[Stored data entries]
Lemma good_points_pair (t : G) : 2 * D t < n ->
  exists2 z, z \in good_points & (z - t)%R \in good_points.
Proof.
move=> Dt.
case: (fset_0Vmem (A `&` translate A t `&` good_points `&` translate good_points t)).
  move=> noz; suff cover : A `&` translate A t `<=`
                           (A `\` good_points) `|` (translate A t `\` translate good_points t).
    have := fsubset_leq_card cover; rewrite cardfsU translateD card_translate.
    have := card_fsetD_good_points; have := cardfsID (translate A t) A.
    by rewrite /shift_defect in Dt; lia.
  apply/fsubsetP=> z; rewrite in_fsetI => /andP[zA zAt].
  rewrite in_fsetU !in_fsetD zA zAt !andbT -negb_and; apply/negP => /andP[zg ztg].
  by have := in_fset0 z; rewrite -noz !in_fsetI zA zAt zg ztg.
by case=> z; rewrite !in_fsetI !mem_translate => /andP[/andP[_ zg] ztg]; exists z.
Qed.

Lemma shift_defect_gap (t : G) : 2 * D t < n -> n * D t <= 8 * s.
Proof.
case/good_points_pair=> z zg ztg.
have := shift_defect_le_miss (z - t)%R z cardU; rewrite subKr.
by move: zg ztg; rewrite !inE => /andP[_ ?] /andP[_ ?]; nia.
Qed.

Definition approx_stabilizer : {fset G} :=
  [fset t in [fset (a - b)%R | a in A, b in A] | n * D t <= 8 * s].

Lemma mem_approx_stabilizer (t : G) : (t \in approx_stabilizer) = (n * D t <= 8 * s).
Proof.
rewrite !inE andbC; case: leqP => //= Dt; apply/imfset2P.
have : 0 < #|` A `&` translate A t|.
  have Dn : D t < n.
    by rewrite -(ltn_pmul2l cardA_gt0); apply: leq_ltn_trans Dt _; lia.
  by have := cardfsID (translate A t) A; rewrite /shift_defect in Dn; lia.
rewrite cardfs_gt0 => /fset0Pn[z]; rewrite in_fsetI mem_translate => /andP[zA ztA].
by exists z => //; exists (z - t)%R; rewrite ?subKr.
Qed.

Lemma approx_stabilizer_subgroup : is_subgroup approx_stabilizer.
Proof.
split=> [|t r].
  by rewrite mem_approx_stabilizer /shift_defect translate0 fsetDv cardfs0 muln0.
rewrite !mem_approx_stabilizer => Dt Dr; apply: shift_defect_gap.
by have := shift_defect_sub A t r; nia.
Qed.

Lemma good_points_nonempty : exists a0, a0 \in good_points.
Proof.
apply/fset0Pn/negP => /eqP good0.
by have := card_fsetD_good_points; rewrite good0 fsetD0; have := cardA_gt0; lia.
Qed.

Section Coset.
Variable a0 : G.
Hypothesis good_a0 : a0 \in good_points.
Local Notation H := approx_stabilizer.
Local Notation C := (translate approx_stabilizer a0).
Local Notation A1 := (A `&` C).

Lemma card_fsetD_coset : n * #|` A `\` C| <= 4 * s.
Proof.
have far_miss a : a \in A `\` C -> n <= 4 * miss A U a.
  rewrite !inE mem_translate mem_approx_stabilizer -ltnNge => /andP[far _].
  have far2 : n <= 2 * D (a - a0)%R.
    by rewrite leqNgt; apply: contraTN far => /shift_defect_gap; rewrite -leqNgt.
  have := shift_defect_le_miss a0 a cardU.
  by move: good_a0; rewrite inE => /andP[_ ga0]; nia.
have := leq_mul_count_sum A (fun a => 4 * miss A U a) n.
rewrite -big_distrr => /leq_trans/(_ (leq_mul (leqnn 4) sum_miss_le)).
apply: leq_trans; rewrite leq_mul2l -card_fset_sep; apply/orP; right.
apply/fsubset_leq_card/fsubsetP => a aAC; rewrite !inE far_miss // andbT.
by move: aAC; rewrite inE => /andP[_ ->].
Qed.

Lemma count_translate_stable (t : G) : t \in H ->
  #|` A1| <= count (fun y => (y + t)%R \in A1) A1 + D t.
Proof.
move=> tH; rewrite -(count_predC (fun y => (y + t)%R \in A1)) leq_add2l.
rewrite -(shift_defect_opp A t) -card_fset_sep; apply/fsubset_leq_card/fsubsetP => y.
rewrite !inE /= !mem_translate opprK => /andP[/andP[yA yC]].
rewrite yA andbT; apply: contra => ytA; rewrite ytA addrAC.
exact: is_subgroup_add approx_stabilizer_subgroup yC tH.
Qed.

Lemma card_coset_inter : n <= 2 * #|` A1|.
Proof.
have := cardfsID C A; have := card_fsetD_coset; have := small_miss; have := cardA_gt0.
(* lia treats differently elaborated copies of a cardinality as distinct atoms,
   so the cardinalities are generalized first, here and below. *)
move: #|` A| #|` A1| #|` A `\` C| => m a1 b1 m_gt0 small b1_small splitA.
have : 8 * b1 < m by rewrite -(ltn_pmul2l m_gt0); lia.
lia.
Qed.

Lemma card_coset_fsetD : n * #|` C `\` A| <= 16 * s.
Proof.
have splitC : #|` A1| + #|` C `\` A| = #|` H| by rewrite fsetIC cardfsID card_translate.
have : \sum_(t <- H) (n * #|` A1|) <=
       \sum_(t <- H) (n * count (fun y => (y + t)%R \in A1) A1 + 8 * s).
  rewrite big_seq_cond [X in _ <= X]big_seq_cond; apply: leq_sum => t /andP[tH _].
  by have := count_translate_stable tH; move: tH; rewrite mem_approx_stabilizer; nia.
rewrite big_split /= -!big_distrr /= !big_const_seq !count_predT !iter_addn_0 -splitC.
have := sum_count_translate_le H A1; have := card_coset_inter.
have := small_miss; have := cardA_gt0.
move: #|` A| #|` A1| #|` C `\` A| (\sum_(t <- H) _).
move=> m a1 b2 c m_gt0 small a1_big c_le count_ge.
have s_le : 16 * s <= m * a1 by nia.
have : m * b2 * a1 <= 16 * s * a1 by nia.
by rewrite leq_pmul2r //; lia.
Qed.

End Coset.

Theorem approx_group_near_coset : exists (H : {fset G}) (x : G),
  is_subgroup H /\ n * n * #|` symdiff A (translate H x)| <= 40 * s * #|` H|.
Proof.
have [a0 good_a0] := good_points_nonempty.
exists approx_stabilizer, a0; split; first exact: approx_stabilizer_subgroup.
set C := translate approx_stabilizer a0.
have sd_le : #|` symdiff A C| <= #|` A `\` C| + #|` C `\` A| by rewrite cardfsU leq_subr.
have A1_le : #|` A `&` C| <= #|` approx_stabilizer|.
  by rewrite -[#|` approx_stabilizer|](card_translate _ a0); apply/fsubset_leq_card/fsubsetIr.
have := card_fsetD_coset good_a0; have := card_coset_fsetD good_a0.
have := card_coset_inter good_a0.
move: sd_le A1_le.
move: #|` A| #|` symdiff A C| #|` A `\` C| #|` C `\` A| #|` A `&` C| #|` approx_stabilizer|.
move=> m d b1 b2 a1 h sd_le A1_le a1_big b2_small b1_small.
have md : m * d <= 20 * s by apply: leq_trans (leq_mul (leqnn m) sd_le) _; lia.
nia.
Qed.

Activity:
Output each line exactly, from the first line of the data down to the line that contains "translate A t|.", both included.

Your response:
Lemma good_points_pair (t : G) : 2 * D t < n ->
  exists2 z, z \in good_points & (z - t)%R \in good_points.
Proof.
move=> Dt.
case: (fset_0Vmem (A `&` translate A t `&` good_points `&` translate good_points t)).
  move=> noz; suff cover : A `&` translate A t `<=`
                           (A `\` good_points) `|` (translate A t `\` translate good_points t).
    have := fsubset_leq_card cover; rewrite cardfsU translateD card_translate.
    have := card_fsetD_good_points; have := cardfsID (translate A t) A.
    by rewrite /shift_defect in Dt; lia.
  apply/fsubsetP=> z; rewrite in_fsetI => /andP[zA zAt].
  rewrite in_fsetU !in_fsetD zA zAt !andbT -negb_and; apply/negP => /andP[zg ztg].
  by have := in_fset0 z; rewrite -noz !in_fsetI zA zAt zg ztg.
by case=> z; rewrite !in_fsetI !mem_translate => /andP[/andP[_ zg] ztg]; exists z.
Qed.

Lemma shift_defect_gap (t : G) : 2 * D t < n -> n * D t <= 8 * s.
Proof.
case/good_points_pair=> z zg ztg.
have := shift_defect_le_miss (z - t)%R z cardU; rewrite subKr.
by move: zg ztg; rewrite !inE => /andP[_ ?] /andP[_ ?]; nia.
Qed.

Definition approx_stabilizer : {fset G} :=
  [fset t in [fset (a - b)%R | a in A, b in A] | n * D t <= 8 * s].

Lemma mem_approx_stabilizer (t : G) : (t \in approx_stabilizer) = (n * D t <= 8 * s).
Proof.
rewrite !inE andbC; case: leqP => //= Dt; apply/imfset2P.
have : 0 < #|` A `&` translate A t|.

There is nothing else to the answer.